2025-11-26 10:40:24,301 INFO: Python Engine initialized.

Logged in to project, explore it here https://c.app.hopsworks.ai:443/p/1279184
[DEBUG] Hopsworks login successful at 2025-11-26 10:40:25.118627
[DEBUG] Getting feature store at 2025-11-26 10:40:25.118627
[DEBUG] Feature store retrieved at 2025-11-26 10:40:25.284604
[DEBUG] Getting secrets API at 2025-11-26 10:40:25.284604
[DEBUG] Getting AQICN_API_KEY secret at 2025-11-26 10:40:25.284604
[DEBUG] AQICN_API_KEY retrieved at 2025-11-26 10:40:25.428312
[DEBUG] Getting air_quality_all feature group at 2025-11-26 10:40:25.433032
[DEBUG] air_quality_all feature group retrieved at 2025-11-26 10:40:25.968850
[DEBUG] Getting weather_all feature group at 2025-11-26 10:40:25.968850
[DEBUG] weather_all feature group retrieved at 2025-11-26 10:40:26.501489


Set SENSOR_CSV_FILE in .env with the relative path to a sensor to process it, or leave it unset to process all sensors in the `data` folder

In [4]:
sensor_csv_file = getattr(settings, 'SENSOR_CSV_FILE', None)

if sensor_csv_file:
    # Read one secret for single sensor mode
    _, _, _, _, _, sensor_id = airquality.read_sensor_data(sensor_csv_file)
    secret_name = f"SENSOR_LOCATION_JSON_{sensor_id}"
    location_str = secrets.get_secret(secret_name).value
    locations = {sensor_id: json.loads(location_str)}
else:
    # Read all individual secrets in batch mode
    all_secrets = secrets.get_secrets()
    locations = {}
    for secret in all_secrets:
        if secret.name.startswith("SENSOR_LOCATION_JSON_"):
            sensor_id = secret.name.replace("SENSOR_LOCATION_JSON_", "")
            location_str = secrets.get_secret(secret.name).value
            if location_str:
                locations[sensor_id] = json.loads(location_str)


## Helper Methods

In [5]:
def get_daily_weather_forecast(city, latitude, longitude):
    hourly_df = airquality.get_hourly_weather_forecast(city, latitude, longitude)
    hourly_df = hourly_df.set_index("date")
    daily_df = hourly_df.between_time("11:59", "12:01")
    daily_df = daily_df.reset_index()
    daily_df["date"] = pd.to_datetime(daily_df["date"]).dt.date
    daily_df["date"] = pd.to_datetime(daily_df["date"])
    daily_df["city"] = city
    return daily_df


def fetch_data_for_location(location):
    country = location["country"]
    city = location["city"]
    street = location["street"]
    aqicn_url = location["aqicn_url"]
    latitude = location["latitude"]
    longitude = location["longitude"]

    aq_today_df = airquality.get_pm25(aqicn_url, country, city, street, today, AQICN_API_KEY)
    daily_df = get_daily_weather_forecast(city, latitude, longitude)
    return aq_today_df, daily_df

## Script

In [6]:
aqs = []
weathers = []
for sensor, location in locations.items():
    aq_today_df, weather_daily_forecast_df = fetch_data_for_location(location)
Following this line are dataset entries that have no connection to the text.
Lemma x_down_snoc i j : i < j -> x_down i (j + 1) = rho j :: x_down i j ++ [rho j].
Proof.
  intro Hij. rewrite !x_down_eq, desc_cons, asc_snoc, map_app by lia. simpl.
  rewrite <- !app_assoc. reflexivity.
Qed.

Definition is_x (x : word) : Prop :=
  exists i j, 1 <= i /\ i < j /\ j <= n /\ (x = x_up i j \/ x = x_down i j).

(* The instances of [rho_a x_(k,l) rho_a = x_(tau k, tau l)], [tau = (a, a+1)], for the four
   generators pairing [a + 2] with [a] or [a + 1]. *)
Lemma rho_sigma_succ_rho a t : 1 <= a <= n - 2 ->
  eqv n (rho a :: sigma (a + 1) :: rho a :: t) (rho (a + 1) :: sigma a :: rho (a + 1) :: t).
Proof.
  intro Ha. rewrite <- (rho_rho (a + 1) t) at 1 by lia.
  rewrite <- (rho_rho_sigma a (rho (a + 1) :: t)), rho_rho by lia. reflexivity.
Qed.

Lemma rho_rho_sigma_rho_rho a t : 1 <= a <= n - 2 ->
  eqv n (rho a :: rho (a + 1) :: sigma a :: rho (a + 1) :: rho a :: t) (sigma (a + 1) :: t).
Proof. intro Ha. rewrite rho_rho_sigma, (rho_rho (a + 1)), rho_rho by lia. reflexivity. Qed.

Lemma rho_rho_sigma_succ_rho_rho a t : 1 <= a <= n - 2 ->
  eqv n (rho a :: rho (a + 1) :: sigma (a + 1) :: rho (a + 1) :: rho a :: t)
        (rho (a + 1) :: rho a :: sigma a :: rho a :: rho (a + 1) :: t).
Proof.
  intro Ha. symmetry.
  transitivity (rho (a + 1) :: rho a :: rho (a + 1) :: rho a :: sigma (a + 1) :: rho a ::
                rho (a + 1) :: rho a :: rho (a + 1) :: t).
  { rewrite <- (rho_rho_sigma a (rho a :: rho (a + 1) :: t)), (rho_rho a), (rho_rho (a + 1))
      by lia. reflexivity. }
  rewrite <- (rho_braid a (rho a :: sigma (a + 1) :: rho a :: rho (a + 1) :: rho a ::
                rho (a + 1) :: t)), (rho_rho a), (rho_braid a (rho (a + 1) :: t)),
    (rho_rho (a + 1) t) by lia.
  reflexivity.
Qed.

Lemma rho_rho_rho_sigma_rho_rho_rho a t : 1 <= a <= n - 2 ->
  eqv n (rho a :: rho (a + 1) :: rho a :: sigma a :: rho a :: rho (a + 1) :: rho a :: t)
        (rho (a + 1) :: sigma (a + 1) :: rho (a + 1) :: t).
Proof.
  intro Ha. rewrite (rho_braid a (sigma a :: _)), (rho_braid a t),
    (rho_rho_sigma_rho_rho a (rho (a + 1) :: t)) by lia.
  reflexivity.
Qed.

Lemma app_cons_assoc {A} (a b : A) (l1 l2 t : list A) :
  a :: (l1 ++ b :: l2) ++ t = a :: l1 ++ b :: l2 ++ t.
Proof. rewrite <- app_assoc. reflexivity. Qed.

Lemma rho_conj_far m i l1 l2 t : 1 <= m <= n - 1 -> 1 <= i <= n - 1 -> far i m ->
  (forall k, In k l1 -> 1 <= k <= n - 1 /\ far m k) ->
  (forall k, In k l2 -> 1 <= k <= n - 1 /\ far m k) ->
  eqv n (rho m :: (map rho l1 ++ sigma i :: map rho l2) ++ rho m :: t)
        ((map rho l1 ++ sigma i :: map rho l2) ++ t).
Proof.
  intros Hm Hi Hf H1 H2. rewrite app_cons_assoc, <- (rho_comm_rhos m l2 t) by auto.
  rewrite (sigma_rho_comm i m), rho_comm_rhos, rho_rho, <- app_assoc by auto. reflexivity.
Qed.

Lemma rho_conj_shift m i a b t : 1 <= i <= n - 1 -> 1 <= a <= m -> m + 2 <= b -> b <= n ->
  i + 2 <= m + 1 ->
  eqv n (rho m :: (map rho (desc a b) ++ sigma i :: map rho (asc a b)) ++ rho m :: t)
        ((map rho (desc a b) ++ sigma i :: map rho (asc a b)) ++ t).
Proof.
  intros. rewrite app_cons_assoc, asc_rho_shift, rho_desc_shift by lia.
  rewrite (sigma_rho_comm i (m + 1)), rho_rho, <- app_assoc by (unfold far; lia).
  reflexivity.
Qed.

Ltac far_range := first
  [ intros k Hk; apply in_asc in Hk; split; [lia | unfold far; lia]
  | intros k Hk; apply in_desc in Hk; split; [lia | unfold far; lia]
  | unfold far; lia ].

Lemma rho_conj_x_up m i j t : 1 <= m <= n - 1 -> 1 <= i -> i < j -> j <= n ->
  exists x, is_x x /\ eqv n (rho m :: x_up i j ++ rho m :: t) (x ++ t).
Proof.
  intros Hm Hi Hij Hj.
  assert (C : m + 2 <= i \/ m + 1 = i \/ (m = i /\ j = i + 1) \/ (m = i /\ i + 2 <= j)
     \/ (i + 1 <= m /\ m + 2 <= j) \/ (m + 1 = j /\ i < m) \/ m = j \/ j + 1 <= m) by lia.
  destruct C as [C|[C|[C|[C|[C|[C|[C|C]]]]]]].
  - exists (x_up i j). split; [exists i, j; auto|].
    rewrite x_up_eq. apply rho_conj_far; far_range.
  - subst i. exists (x_up m j). split; [exists m, j; repeat split; auto; lia|].
    rewrite !x_up_eq, app_cons_assoc, (desc_snoc (m + 1) j), (asc_cons (m + 1) j) by lia.
    rewrite map_app, <- app_assoc. simpl.
    rewrite <- (rho_comm_rhos m (asc (m + 1 + 1) j) t),
      (rho_comm_rhos m (desc (m + 1 + 1) j)) by far_range.
    rewrite rho_sigma_succ_rho, <- !app_assoc by lia. reflexivity.
  - destruct C as [-> ->]. exists (x_down i (i + 1)).
    split; [exists i, (i + 1); repeat split; auto; lia|].
    rewrite x_up_succ, x_down_succ. reflexivity.
  - destruct C as [-> C]. exists (x_up (i + 1) j).
    split; [exists (i + 1), j; repeat split; auto; lia|].
    rewrite !x_up_eq, app_cons_assoc, (desc_snoc (i + 1) j), (asc_cons (i + 1) j) by lia.
    rewrite map_app, <- app_assoc. simpl.
    rewrite <- (rho_comm_rhos i (asc (i + 1 + 1) j) t),
      (rho_comm_rhos i (desc (i + 1 + 1) j)) by far_range.
    rewrite rho_rho_sigma_rho_rho, <- !app_assoc by lia. reflexivity.
  - exists (x_up i j). split; [exists i, j; auto|].
    rewrite x_up_eq. apply rho_conj_shift; lia.
  - destruct C as [<- C]. exists (x_up i m). split; [exists i, m; repeat split; auto; lia|].
    rewrite x_up_snoc by lia. simpl. rewrite rho_rho, <- app_assoc by lia. simpl.
    rewrite rho_rho by lia. reflexivity.
  - subst m. exists (x_up i (j + 1)). split; [exists i, (j + 1); repeat split; auto; lia|].
    rewrite x_up_snoc by lia. simpl. rewrite <- app_assoc. reflexivity.
  - exists (x_up i j). split; [exists i, j; auto|].
    rewrite x_up_eq. apply rho_conj_far; far_range.
Qed.

Lemma rho_conj_x_down m i j t : 1 <= m <= n - 1 -> 1 <= i -> i < j -> j <= n ->
  exists x, is_x x /\ eqv n (rho m :: x_down i j ++ rho m :: t) (x ++ t).
Proof.
  intros Hm Hi Hij Hj.
  assert (C : m + 2 <= i \/ m + 1 = i \/ (m = i /\ j = i + 1) \/ (m = i /\ i + 2 <= j)
     \/ (i + 1 <= m /\ m + 2 <= j) \/ (m + 1 = j /\ i < m) \/ m = j \/ j + 1 <= m) by lia.
  destruct C as [C|[C|[C|[C|[C|[C|[C|C]]]]]]].
  - exists (x_down i j). split; [exists i, j; auto|].
    rewrite x_down_eq. apply rho_conj_far; far_range.
  - subst i. exists (x_down m j). split; [exists m, j; repeat split; auto; lia|].
    rewrite !x_down_eq, app_cons_assoc, (desc_snoc m j), (asc_cons m j) by lia.
    rewrite (desc_snoc (m + 1) j), (asc_cons (m + 1) j) by lia.
    rewrite !map_app, <- !app_assoc. simpl.
    rewrite <- (rho_comm_rhos m (asc (m + 1 + 1) j) t),
      (rho_comm_rhos m (desc (m + 1 + 1) j)) by far_range.
    rewrite rho_rho_sigma_succ_rho_rho by lia. reflexivity.
  - destruct C as [-> ->]. exists (x_up i (i + 1)).
    split; [exists i, (i + 1); repeat split; auto; lia|].
    rewrite x_up_succ, x_down_succ. simpl. rewrite !rho_rho by lia. reflexivity.
  - destruct C as [-> C]. exists (x_down (i + 1) j).
    split; [exists (i + 1), j; repeat split; auto; lia|].
    rewrite !x_down_eq, app_cons_assoc, (desc_snoc i j), (asc_cons i j) by lia.
    rewrite (desc_snoc (i + 1) j), (asc_cons (i + 1) j) by lia.
    rewrite !map_app, <- !app_assoc. simpl.
    rewrite <- (rho_comm_rhos i (asc (i + 1 + 1) j) t),
      (rho_comm_rhos i (desc (i + 1 + 1) j)) by far_range.
    rewrite rho_rho_rho_sigma_rho_rho_rho by lia. reflexivity.
  - exists (x_down i j). split; [exists i, j; auto|].
    rewrite x_down_eq. apply rho_conj_shift; lia.
  - destruct C as [<- C]. exists (x_down i m). split; [exists i, m; repeat split; auto; lia|].
    rewrite x_down_snoc by lia. simpl. rewrite rho_rho, <- app_assoc by lia. simpl.
    rewrite rho_rho by lia. reflexivity.
  - subst m. exists (x_down i (j + 1)). split; [exists i, (j + 1); repeat split; auto; lia|].
    rewrite x_down_snoc by lia. simpl. rewrite <- app_assoc. reflexivity.
  - exists (x_down i j). split; [exists i, j; auto|].
    rewrite x_down_eq. apply rho_conj_far; far_range.
Qed.

Lemma rho_conj_x m x t : 1 <= m <= n - 1 -> is_x x ->
  exists x', is_x x' /\ eqv n (rho m :: x ++ rho m :: t) (x' ++ t).
Proof.
  intros Hm [i [j [Hi [Hij [Hj [-> | ->]]]]]];
    [apply rho_conj_x_up | apply rho_conj_x_down]; auto.
Qed.

Lemma TVH_nil : TVH n [].
Proof. split; [constructor | reflexivity]. Qed.

Lemma TVH_app u v : TVH n u -> TVH n v -> TVH n (u ++ v).
Proof.
  intros [Hu Pu] [Hv Pv]. split; [apply wf_app; auto|].
  intros k Hk. rewrite permOf_app, Pv, Pu; auto.
Qed.

Lemma TVH_gammas l : (forall j, In j l -> 1 <= j <= n) -> TVH n (map gamma l).
Proof. intro Hl. split; [apply wf_gammas, Hl | intros; apply permOf_gammas]. Qed.

Lemma TVH_x x : is_x x -> TVH n x.
Proof.
  intros [i [j [Hi [Hij [Hj [-> | ->]]]]]]; [rewrite x_up_eq | rewrite x_down_eq];
    (split; [|intros k _; rewrite permOf_app; apply permOf_rhos_rev]);
    (apply wf_app; [|constructor; [simpl; lia|]]; apply wf_rhos;
     intros k Hk; first [apply in_desc in Hk | apply in_asc in Hk]; lia).
Qed.

Lemma TVH_inv u : TVH n u -> TVH n (inv u).
Proof.
  intros [Hu Pu]. split; [apply wf_inv, Hu|]. intros k Hk.
  pose proof (permOf_eqv _ _ (app_inv_cancel_l u []) k) as E.
  rewrite app_nil_r, permOf_app, Pu in E by exact Hk. exact E.
Qed.

Lemma TVH_phiHT w : TVH n w -> TVH n (phiHT w).
Proof.
  intros [Hw Pw]. split; [apply wf_phiHT, Hw|]. intros k Hk. rewrite permOf_phiHT. auto.
Qed.

Lemma TVH_eqv u v : wf n u -> eqv n u v -> TVH n v -> TVH n u.
Proof. intros Hu E [_ Pv]. split; [exact Hu|]. intros k Hk. rewrite (permOf_eqv _ _ E). auto. Qed.

Lemma HT_TVH w : HT n w -> TVH n w.
Proof.
  intros [Hw E]. split; [exact Hw|]. intros k _.
  rewrite <- permOf_phiHT, (permOf_eqv _ _ E k). reflexivity.
Qed.

Lemma phiHT_rhos_conj_sigma l i : (forall k, In k l -> 1 <= k <= n - 1) ->
  eqv n (phiHT (map rho (rev l) ++ sigma i :: map rho l)) [].
Proof.
  intro Hl. rewrite phiHT_app, phiHT_rhos. unfold phiHT at 1. simpl. fold (phiHT (map rho l)).
  rewrite phiHT_rhos, <- (app_nil_r (map rho l)). apply rhos_rev_cancel, Hl.
Qed.

Lemma phiHT_is_psiH : is_psiH n phiHT.
Proof.
  split; [intros; apply phiHT_eqv; auto|].
  split; [intros; rewrite phiHT_app; reflexivity|].
  split.
  { intros w [Hw Pw].
    destruct (sigma_free_trivial_perm (phiHT w) (wf_phiHT w Hw) (sigma_free_phiHT w))
      as [l [Hl E]]; [intros k Hk; rewrite permOf_phiHT; auto|].
    exists (map gamma l). split; [apply wf_gammas, Hl|]. split; [|exact E].
    apply Forall_map, Forall_forall. intros. exact I. }
  split; [|reflexivity].
  intros i j Hi Hij Hj. rewrite x_up_eq, x_down_eq.
  split; apply phiHT_rhos_conj_sigma; intros k Hk; apply in_asc in Hk; lia.
Qed.

Definition gamma_conj_x (u : word) : Prop :=
  wf n u /\ exists l x, (forall j, In j l -> 1 <= j <= n) /\ is_x x /\
    eqv n u (map gamma l ++ x ++ map gamma (rev l)).

Lemma gamma_conj_x_conj a u : valid_gen n (fst a) -> is_sigma a = false ->
  gamma_conj_x u -> gamma_conj_x ([a] ++ u ++ [flip a]).
Proof.
  intros Ha Hs [Hu [l [x [Hl [Hx E]]]]].
  split; [repeat apply wf_app; auto; repeat constructor; auto|].
  destruct a as [[i|i|i] b]; simpl in Ha, Hs; try discriminate.
  - assert (Eb : eqv n ([(Rh i, b)] ++ u ++ [flip (Rh i, b)]) (rho i :: u ++ [rho i])).
    { destruct b; simpl; [rewrite rho_inv by exact Ha | rewrite (rho_inv i []) by exact Ha];
        reflexivity. }
    assert (Hl' : forall j, In j (map (swap i) (rev l)) -> 1 <= j <= n).
    { intros j Hj. apply in_map_iff in Hj as [j0 [<- Hj0]].
      apply swap_range, Hl, in_rev; auto. }
    destruct (rho_conj_x i x (map gamma (map (swap i) (rev l))) Ha Hx) as [x' [Hx' Ex]].
    exists (map (swap i) l), x'. split; [|split; [exact Hx'|]].
    { intros j Hj. apply in_map_iff in Hj as [j0 [<- Hj0]]. apply swap_range; auto. }
    pose proof (rho_gammas i (map (swap i) (rev l)) [] Ha Hl') as Eg.
    rewrite map_swap_involutive in Eg.
    rewrite Eb, E, <- !app_assoc, rho_gammas by auto.
    rewrite <- Eg, app_nil_r, Ex, map_rev. reflexivity.
  - assert (Eb : eqv n ([(Ga i, b)] ++ u ++ [flip (Ga i, b)]) (gamma i :: u ++ [gamma i])).
    { destruct b; simpl; [rewrite gamma_inv by exact Ha | rewrite (gamma_inv i []) by exact Ha];
        reflexivity. }
    exists (i :: l), x. split; [intros j [<-|Hj]; auto | split; [exact Hx|]].
    rewrite Eb, E. simpl. rewrite map_app, <- !app_assoc. reflexivity.
Qed.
    # Air quality FG shape
    aq_today_df = aq_today_df.assign(
        sensor_id=str(sensor),
        street=location["street"],
        city=location["city"],
        country=location["country"],
        feed_url=location["aqicn_url"],
    )
    aq_today_df["date"] = pd.to_datetime(aq_today_df["date"])

    # Weather FG shape
    weather_daily_forecast_df = weather_daily_forecast_df.assign(
        sensor_id=str(sensor),
        city=location["city"],
        latitude=location["latitude"],
        longitude=location["longitude"],
    )
    weather_daily_forecast_df["date"] = pd.to_datetime(
        weather_daily_forecast_df["date"]
    )

    aqs.append(aq_today_df)
    weathers.append(weather_daily_forecast_df)

In [7]:
aq_df = pd.concat(aqs)
aq_df["pm25"] = pd.to_numeric(aq_df["pm25"], errors="coerce").astype("float64")
aq_df["date"] = pd.to_datetime(aq_df["date"]).dt.tz_localize(None)
aq_df = aq_df.drop(columns=["url"], errors="ignore")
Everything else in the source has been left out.